RECORDED DATA:
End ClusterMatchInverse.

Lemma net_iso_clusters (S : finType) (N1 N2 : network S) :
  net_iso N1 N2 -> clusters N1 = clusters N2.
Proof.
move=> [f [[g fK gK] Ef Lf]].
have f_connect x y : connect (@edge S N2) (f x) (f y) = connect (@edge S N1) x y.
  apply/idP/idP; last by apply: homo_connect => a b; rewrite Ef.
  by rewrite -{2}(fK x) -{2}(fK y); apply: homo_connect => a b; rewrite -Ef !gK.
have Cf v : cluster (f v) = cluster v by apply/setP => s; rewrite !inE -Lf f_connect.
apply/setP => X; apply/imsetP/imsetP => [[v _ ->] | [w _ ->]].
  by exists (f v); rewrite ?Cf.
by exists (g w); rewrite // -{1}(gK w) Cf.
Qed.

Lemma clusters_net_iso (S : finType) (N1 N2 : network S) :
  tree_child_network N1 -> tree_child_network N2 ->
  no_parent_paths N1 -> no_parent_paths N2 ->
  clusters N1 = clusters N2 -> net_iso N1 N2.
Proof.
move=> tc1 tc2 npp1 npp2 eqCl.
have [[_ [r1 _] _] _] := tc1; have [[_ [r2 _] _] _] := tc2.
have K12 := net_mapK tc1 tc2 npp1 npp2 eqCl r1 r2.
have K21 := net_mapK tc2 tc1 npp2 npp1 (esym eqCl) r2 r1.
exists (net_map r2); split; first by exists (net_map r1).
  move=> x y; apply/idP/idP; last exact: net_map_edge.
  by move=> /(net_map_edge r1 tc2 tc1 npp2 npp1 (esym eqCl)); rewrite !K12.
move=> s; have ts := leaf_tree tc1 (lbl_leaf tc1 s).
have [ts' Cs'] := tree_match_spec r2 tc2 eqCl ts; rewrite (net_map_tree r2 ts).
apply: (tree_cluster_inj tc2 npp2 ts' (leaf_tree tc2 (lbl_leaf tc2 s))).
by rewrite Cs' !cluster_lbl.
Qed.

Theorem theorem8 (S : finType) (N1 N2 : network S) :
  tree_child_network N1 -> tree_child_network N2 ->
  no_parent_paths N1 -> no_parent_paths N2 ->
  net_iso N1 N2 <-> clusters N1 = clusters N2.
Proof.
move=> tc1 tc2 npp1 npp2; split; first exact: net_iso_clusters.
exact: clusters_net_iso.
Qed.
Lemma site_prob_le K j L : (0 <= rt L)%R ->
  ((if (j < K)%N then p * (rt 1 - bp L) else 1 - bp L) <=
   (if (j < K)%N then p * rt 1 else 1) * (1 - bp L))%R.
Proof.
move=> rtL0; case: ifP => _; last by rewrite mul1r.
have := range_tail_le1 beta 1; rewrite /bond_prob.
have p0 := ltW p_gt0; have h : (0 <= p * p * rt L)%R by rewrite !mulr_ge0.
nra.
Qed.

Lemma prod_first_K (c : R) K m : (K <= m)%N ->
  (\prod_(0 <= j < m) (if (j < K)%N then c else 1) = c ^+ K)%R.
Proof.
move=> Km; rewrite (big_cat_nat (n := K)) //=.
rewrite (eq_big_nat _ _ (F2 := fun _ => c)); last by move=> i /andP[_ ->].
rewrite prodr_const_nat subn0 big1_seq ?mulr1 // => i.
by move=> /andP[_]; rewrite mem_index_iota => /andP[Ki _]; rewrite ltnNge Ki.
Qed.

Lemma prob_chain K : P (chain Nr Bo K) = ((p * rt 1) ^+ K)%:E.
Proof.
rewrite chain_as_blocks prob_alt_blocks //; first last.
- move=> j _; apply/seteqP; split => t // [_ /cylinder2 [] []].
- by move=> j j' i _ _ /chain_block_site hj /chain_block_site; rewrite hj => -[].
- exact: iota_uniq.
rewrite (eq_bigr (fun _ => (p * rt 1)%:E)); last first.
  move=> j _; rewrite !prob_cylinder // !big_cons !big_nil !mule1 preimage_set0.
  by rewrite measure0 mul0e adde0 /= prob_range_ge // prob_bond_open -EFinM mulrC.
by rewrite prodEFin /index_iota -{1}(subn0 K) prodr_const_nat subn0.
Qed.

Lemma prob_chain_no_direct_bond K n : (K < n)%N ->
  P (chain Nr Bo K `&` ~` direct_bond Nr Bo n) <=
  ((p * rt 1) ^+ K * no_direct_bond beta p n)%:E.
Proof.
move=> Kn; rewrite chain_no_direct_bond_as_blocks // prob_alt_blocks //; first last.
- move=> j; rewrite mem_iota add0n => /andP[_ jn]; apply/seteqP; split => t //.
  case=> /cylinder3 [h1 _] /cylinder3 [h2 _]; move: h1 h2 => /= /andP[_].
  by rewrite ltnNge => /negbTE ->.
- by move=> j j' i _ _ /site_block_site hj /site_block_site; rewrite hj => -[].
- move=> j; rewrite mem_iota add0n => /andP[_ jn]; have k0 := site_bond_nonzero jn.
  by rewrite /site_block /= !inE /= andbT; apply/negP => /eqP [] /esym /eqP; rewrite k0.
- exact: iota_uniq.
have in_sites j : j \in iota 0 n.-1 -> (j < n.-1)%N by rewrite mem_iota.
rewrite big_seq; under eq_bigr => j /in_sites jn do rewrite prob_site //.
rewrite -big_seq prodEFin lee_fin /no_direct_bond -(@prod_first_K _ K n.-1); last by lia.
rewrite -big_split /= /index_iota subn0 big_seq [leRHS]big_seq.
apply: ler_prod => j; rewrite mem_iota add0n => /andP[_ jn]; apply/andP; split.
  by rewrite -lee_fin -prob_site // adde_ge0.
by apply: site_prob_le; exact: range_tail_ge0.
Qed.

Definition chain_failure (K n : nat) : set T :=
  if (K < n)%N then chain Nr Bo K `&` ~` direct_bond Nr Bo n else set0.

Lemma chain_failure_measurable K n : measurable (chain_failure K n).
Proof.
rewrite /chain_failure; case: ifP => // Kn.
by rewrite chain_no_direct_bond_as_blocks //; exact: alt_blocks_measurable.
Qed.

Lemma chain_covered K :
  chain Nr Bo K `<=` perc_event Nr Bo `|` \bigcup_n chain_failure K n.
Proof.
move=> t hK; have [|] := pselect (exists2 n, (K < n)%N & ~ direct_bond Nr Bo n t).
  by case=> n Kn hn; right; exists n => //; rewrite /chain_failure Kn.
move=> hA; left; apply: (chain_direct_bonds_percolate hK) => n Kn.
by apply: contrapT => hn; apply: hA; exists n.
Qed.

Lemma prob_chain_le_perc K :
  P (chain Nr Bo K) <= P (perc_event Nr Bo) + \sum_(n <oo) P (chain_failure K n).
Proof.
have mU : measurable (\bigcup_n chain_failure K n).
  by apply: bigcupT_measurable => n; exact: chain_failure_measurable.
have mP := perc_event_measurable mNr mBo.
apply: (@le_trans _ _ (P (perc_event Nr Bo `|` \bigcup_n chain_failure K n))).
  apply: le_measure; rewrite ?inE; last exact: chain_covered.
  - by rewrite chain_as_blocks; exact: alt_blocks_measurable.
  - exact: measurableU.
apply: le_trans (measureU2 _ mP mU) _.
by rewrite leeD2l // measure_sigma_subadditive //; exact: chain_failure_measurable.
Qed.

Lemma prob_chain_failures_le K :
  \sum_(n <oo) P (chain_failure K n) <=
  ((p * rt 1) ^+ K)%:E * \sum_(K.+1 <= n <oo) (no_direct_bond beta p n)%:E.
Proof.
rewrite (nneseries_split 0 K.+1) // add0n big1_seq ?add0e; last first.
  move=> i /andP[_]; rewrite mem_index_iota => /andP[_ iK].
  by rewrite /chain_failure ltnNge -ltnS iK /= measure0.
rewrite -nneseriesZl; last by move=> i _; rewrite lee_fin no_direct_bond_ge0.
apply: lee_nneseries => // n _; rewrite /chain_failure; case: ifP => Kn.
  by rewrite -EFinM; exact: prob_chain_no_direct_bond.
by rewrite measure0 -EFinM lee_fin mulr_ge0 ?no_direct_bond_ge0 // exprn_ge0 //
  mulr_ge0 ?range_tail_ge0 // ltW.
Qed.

YOUR OBJECTIVE: Each line from the top of the listing down to and including the one containing "apply/setP => X;" should be transcribed exactly; nothing else is to be output.

OUTPUT FOR THIS TASK:
End ClusterMatchInverse.

Lemma net_iso_clusters (S : finType) (N1 N2 : network S) :
  net_iso N1 N2 -> clusters N1 = clusters N2.
Proof.
move=> [f [[g fK gK] Ef Lf]].
have f_connect x y : connect (@edge S N2) (f x) (f y) = connect (@edge S N1) x y.
  apply/idP/idP; last by apply: homo_connect => a b; rewrite Ef.
  by rewrite -{2}(fK x) -{2}(fK y); apply: homo_connect => a b; rewrite -Ef !gK.
have Cf v : cluster (f v) = cluster v by apply/setP => s; rewrite !inE -Lf f_connect.
apply/setP => X; apply/imsetP/imsetP => [[v _ ->] | [w _ ->]].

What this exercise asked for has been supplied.